___ Study material

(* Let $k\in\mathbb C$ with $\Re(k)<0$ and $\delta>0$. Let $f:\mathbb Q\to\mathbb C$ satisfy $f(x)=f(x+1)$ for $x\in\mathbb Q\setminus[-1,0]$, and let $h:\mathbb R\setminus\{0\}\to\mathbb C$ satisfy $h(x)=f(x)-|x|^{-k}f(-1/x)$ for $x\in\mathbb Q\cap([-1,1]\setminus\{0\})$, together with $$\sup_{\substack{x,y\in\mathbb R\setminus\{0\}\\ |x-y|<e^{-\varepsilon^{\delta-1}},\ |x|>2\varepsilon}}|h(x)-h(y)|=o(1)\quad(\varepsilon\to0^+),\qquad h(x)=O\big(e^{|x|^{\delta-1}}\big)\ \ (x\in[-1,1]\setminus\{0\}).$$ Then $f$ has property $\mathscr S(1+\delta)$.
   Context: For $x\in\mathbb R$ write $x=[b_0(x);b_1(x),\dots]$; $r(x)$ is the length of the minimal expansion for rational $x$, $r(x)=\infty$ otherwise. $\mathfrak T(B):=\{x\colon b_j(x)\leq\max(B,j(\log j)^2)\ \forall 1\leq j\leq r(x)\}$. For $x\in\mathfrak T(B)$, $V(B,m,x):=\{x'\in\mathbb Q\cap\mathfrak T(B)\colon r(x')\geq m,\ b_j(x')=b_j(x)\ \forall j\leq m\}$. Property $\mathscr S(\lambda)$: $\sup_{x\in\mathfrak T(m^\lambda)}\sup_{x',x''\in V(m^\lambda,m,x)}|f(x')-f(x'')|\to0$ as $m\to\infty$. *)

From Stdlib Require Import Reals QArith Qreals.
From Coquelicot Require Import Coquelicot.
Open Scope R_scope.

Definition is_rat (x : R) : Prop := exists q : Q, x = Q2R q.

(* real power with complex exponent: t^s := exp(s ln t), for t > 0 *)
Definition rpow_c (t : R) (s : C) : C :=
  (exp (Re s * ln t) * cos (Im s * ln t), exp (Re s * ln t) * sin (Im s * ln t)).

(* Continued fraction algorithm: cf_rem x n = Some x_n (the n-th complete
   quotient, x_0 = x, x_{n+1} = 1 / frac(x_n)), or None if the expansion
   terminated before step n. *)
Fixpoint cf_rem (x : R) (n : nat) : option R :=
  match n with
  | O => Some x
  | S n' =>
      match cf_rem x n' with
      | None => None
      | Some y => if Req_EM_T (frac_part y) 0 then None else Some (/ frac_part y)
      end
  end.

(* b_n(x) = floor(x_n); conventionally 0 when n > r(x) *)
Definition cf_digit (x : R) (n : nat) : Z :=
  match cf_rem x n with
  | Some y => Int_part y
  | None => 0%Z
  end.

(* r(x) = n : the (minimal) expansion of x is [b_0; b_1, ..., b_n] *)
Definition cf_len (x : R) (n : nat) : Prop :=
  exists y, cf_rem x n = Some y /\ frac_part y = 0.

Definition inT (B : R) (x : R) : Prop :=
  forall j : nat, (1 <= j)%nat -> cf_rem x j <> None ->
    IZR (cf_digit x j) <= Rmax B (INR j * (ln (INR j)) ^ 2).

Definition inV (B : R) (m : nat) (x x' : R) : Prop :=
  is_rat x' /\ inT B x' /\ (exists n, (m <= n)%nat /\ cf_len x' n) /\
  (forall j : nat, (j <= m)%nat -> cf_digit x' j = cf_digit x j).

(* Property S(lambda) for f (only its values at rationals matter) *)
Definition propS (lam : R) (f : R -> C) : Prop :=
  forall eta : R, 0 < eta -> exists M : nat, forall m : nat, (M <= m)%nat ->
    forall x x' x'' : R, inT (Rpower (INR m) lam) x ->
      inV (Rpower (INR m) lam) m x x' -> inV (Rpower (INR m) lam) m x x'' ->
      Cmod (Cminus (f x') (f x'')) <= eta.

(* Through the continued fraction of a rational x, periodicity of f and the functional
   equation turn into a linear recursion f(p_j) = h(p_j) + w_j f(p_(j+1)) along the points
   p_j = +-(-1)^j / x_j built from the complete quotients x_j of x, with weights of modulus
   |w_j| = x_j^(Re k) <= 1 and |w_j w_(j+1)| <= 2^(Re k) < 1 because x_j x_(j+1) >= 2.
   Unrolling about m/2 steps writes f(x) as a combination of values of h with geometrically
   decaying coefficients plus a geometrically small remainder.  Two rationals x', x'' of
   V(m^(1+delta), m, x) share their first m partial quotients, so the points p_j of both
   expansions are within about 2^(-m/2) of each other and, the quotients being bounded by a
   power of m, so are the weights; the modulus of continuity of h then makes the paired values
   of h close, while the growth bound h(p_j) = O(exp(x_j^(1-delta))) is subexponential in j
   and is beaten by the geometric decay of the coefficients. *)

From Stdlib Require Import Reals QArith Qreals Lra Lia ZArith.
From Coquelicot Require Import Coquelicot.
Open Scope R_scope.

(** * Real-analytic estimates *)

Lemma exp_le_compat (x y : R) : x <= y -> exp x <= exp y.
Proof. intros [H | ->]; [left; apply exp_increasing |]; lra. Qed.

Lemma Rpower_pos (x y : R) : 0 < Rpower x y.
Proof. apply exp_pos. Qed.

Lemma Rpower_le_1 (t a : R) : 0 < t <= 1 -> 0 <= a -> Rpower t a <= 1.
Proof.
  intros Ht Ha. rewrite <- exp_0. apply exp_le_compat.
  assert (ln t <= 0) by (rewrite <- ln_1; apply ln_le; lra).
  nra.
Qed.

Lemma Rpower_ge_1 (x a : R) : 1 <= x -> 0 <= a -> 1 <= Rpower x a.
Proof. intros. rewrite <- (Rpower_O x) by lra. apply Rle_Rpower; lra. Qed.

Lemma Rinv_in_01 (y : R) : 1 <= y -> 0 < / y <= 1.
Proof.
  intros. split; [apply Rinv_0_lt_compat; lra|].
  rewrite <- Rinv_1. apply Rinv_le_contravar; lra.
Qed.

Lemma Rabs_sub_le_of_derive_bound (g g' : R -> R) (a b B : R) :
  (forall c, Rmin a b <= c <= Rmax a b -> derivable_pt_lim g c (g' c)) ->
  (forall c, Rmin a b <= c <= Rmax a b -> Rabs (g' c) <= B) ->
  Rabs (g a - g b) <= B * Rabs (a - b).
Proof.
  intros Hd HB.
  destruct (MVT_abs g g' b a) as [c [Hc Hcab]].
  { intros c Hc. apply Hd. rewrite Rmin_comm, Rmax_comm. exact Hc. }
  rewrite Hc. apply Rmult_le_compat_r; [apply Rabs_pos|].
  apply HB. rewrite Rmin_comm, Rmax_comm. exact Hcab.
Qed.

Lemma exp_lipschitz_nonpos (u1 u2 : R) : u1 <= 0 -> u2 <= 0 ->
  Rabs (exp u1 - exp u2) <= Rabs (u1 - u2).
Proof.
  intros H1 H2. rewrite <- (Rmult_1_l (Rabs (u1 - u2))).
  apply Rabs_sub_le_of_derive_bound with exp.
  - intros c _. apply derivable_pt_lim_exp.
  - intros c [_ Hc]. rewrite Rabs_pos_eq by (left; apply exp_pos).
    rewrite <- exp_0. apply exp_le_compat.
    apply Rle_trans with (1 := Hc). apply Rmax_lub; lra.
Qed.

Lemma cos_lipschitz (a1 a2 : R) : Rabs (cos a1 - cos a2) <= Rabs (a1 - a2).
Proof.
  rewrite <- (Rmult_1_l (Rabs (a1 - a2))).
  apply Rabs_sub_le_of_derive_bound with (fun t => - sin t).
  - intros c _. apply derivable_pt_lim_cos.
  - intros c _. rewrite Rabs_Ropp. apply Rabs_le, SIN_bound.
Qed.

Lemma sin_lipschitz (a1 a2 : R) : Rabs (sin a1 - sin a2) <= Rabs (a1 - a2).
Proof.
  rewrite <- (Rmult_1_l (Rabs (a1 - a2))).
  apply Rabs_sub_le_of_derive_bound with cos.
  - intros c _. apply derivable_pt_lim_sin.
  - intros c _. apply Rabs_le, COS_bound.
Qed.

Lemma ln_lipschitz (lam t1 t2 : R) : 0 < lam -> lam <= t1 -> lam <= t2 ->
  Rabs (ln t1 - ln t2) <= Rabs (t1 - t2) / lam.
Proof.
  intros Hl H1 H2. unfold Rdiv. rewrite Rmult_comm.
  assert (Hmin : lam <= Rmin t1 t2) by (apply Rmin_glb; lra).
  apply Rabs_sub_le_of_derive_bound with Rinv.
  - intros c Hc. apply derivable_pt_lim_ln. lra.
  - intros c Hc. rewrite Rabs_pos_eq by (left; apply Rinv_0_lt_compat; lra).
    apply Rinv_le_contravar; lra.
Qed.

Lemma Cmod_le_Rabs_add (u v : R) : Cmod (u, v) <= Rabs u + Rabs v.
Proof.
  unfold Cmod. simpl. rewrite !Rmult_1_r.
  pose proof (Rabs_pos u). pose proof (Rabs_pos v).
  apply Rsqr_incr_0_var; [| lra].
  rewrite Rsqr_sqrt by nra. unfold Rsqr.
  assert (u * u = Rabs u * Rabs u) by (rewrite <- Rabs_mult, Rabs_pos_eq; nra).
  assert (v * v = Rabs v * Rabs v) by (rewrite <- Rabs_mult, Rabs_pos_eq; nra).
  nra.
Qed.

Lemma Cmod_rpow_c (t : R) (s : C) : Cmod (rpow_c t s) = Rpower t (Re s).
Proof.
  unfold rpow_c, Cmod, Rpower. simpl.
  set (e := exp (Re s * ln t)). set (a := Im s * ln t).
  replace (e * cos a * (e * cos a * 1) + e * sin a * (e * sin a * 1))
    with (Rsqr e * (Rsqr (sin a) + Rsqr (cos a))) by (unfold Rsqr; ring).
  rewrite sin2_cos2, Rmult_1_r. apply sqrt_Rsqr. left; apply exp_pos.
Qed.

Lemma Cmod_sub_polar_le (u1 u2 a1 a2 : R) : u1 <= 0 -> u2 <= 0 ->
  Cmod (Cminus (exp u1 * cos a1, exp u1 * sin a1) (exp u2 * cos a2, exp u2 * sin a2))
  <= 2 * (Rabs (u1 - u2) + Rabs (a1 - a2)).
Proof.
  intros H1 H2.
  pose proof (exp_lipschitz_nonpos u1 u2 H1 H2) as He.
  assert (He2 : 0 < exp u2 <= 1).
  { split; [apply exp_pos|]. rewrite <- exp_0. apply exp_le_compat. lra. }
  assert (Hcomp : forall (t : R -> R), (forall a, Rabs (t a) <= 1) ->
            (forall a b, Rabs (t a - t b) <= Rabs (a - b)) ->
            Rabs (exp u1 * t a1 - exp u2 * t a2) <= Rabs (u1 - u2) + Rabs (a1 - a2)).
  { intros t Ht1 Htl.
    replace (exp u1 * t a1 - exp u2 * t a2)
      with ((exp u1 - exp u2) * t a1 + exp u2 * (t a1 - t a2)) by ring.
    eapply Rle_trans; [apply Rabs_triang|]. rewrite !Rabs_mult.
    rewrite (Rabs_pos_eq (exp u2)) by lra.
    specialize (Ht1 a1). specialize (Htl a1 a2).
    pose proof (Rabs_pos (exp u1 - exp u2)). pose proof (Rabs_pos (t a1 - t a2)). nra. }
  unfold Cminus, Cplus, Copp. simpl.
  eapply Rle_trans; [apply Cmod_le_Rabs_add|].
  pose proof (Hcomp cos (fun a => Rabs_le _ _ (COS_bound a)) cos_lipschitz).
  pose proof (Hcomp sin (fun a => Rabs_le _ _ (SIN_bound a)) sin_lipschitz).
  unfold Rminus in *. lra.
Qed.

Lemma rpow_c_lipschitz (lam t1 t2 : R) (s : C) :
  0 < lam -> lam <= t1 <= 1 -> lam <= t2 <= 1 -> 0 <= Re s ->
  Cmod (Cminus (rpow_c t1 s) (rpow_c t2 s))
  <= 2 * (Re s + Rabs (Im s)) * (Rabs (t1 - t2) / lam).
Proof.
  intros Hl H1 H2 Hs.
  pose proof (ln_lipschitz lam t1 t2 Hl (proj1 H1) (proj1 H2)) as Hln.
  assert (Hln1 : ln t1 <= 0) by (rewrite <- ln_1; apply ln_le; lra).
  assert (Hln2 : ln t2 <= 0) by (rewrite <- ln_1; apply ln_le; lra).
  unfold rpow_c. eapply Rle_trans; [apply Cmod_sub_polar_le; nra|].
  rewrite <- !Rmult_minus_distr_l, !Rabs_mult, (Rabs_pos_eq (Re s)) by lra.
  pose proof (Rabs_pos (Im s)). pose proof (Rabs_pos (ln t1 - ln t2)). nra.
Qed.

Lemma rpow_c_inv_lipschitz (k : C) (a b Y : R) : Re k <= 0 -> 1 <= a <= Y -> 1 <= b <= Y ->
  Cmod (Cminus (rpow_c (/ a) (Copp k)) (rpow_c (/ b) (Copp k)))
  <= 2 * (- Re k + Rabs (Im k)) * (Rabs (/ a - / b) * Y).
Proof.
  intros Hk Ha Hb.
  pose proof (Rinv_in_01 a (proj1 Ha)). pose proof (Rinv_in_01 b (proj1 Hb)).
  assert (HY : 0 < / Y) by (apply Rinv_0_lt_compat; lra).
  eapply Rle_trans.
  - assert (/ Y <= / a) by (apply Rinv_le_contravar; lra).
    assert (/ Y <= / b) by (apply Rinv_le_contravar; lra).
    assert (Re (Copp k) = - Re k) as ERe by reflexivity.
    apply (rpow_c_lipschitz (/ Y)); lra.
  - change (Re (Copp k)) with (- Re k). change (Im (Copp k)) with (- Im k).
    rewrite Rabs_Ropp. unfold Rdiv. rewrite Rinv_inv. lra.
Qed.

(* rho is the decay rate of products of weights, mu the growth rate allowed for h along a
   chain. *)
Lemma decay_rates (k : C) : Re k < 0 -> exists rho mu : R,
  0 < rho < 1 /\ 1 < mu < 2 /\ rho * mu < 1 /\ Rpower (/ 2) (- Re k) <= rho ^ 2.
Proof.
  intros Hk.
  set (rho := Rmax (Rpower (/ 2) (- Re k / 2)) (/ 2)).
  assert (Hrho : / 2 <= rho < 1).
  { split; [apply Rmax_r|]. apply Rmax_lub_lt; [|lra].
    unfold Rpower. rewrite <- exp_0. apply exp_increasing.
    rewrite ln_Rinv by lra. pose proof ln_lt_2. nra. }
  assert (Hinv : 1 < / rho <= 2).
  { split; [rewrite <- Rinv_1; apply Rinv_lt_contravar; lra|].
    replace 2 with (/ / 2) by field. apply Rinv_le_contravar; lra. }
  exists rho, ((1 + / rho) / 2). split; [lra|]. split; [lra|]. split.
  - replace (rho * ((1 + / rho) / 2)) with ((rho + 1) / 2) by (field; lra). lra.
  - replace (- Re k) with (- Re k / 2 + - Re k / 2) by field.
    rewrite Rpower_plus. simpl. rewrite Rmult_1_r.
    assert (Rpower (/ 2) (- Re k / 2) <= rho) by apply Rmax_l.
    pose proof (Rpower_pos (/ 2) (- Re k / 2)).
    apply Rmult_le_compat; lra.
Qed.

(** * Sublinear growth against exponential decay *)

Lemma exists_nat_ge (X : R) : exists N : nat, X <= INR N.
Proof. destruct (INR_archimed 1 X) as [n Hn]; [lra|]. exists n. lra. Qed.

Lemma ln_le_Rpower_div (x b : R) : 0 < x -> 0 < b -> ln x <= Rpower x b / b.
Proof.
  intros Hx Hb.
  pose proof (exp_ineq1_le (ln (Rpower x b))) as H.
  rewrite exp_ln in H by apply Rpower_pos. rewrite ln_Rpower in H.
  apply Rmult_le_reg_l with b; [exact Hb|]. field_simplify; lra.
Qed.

______

■ **Problem description**
This exercise requires the number of lines in the entries holding the word "minimal", written alone.

■ **Solved problem**
2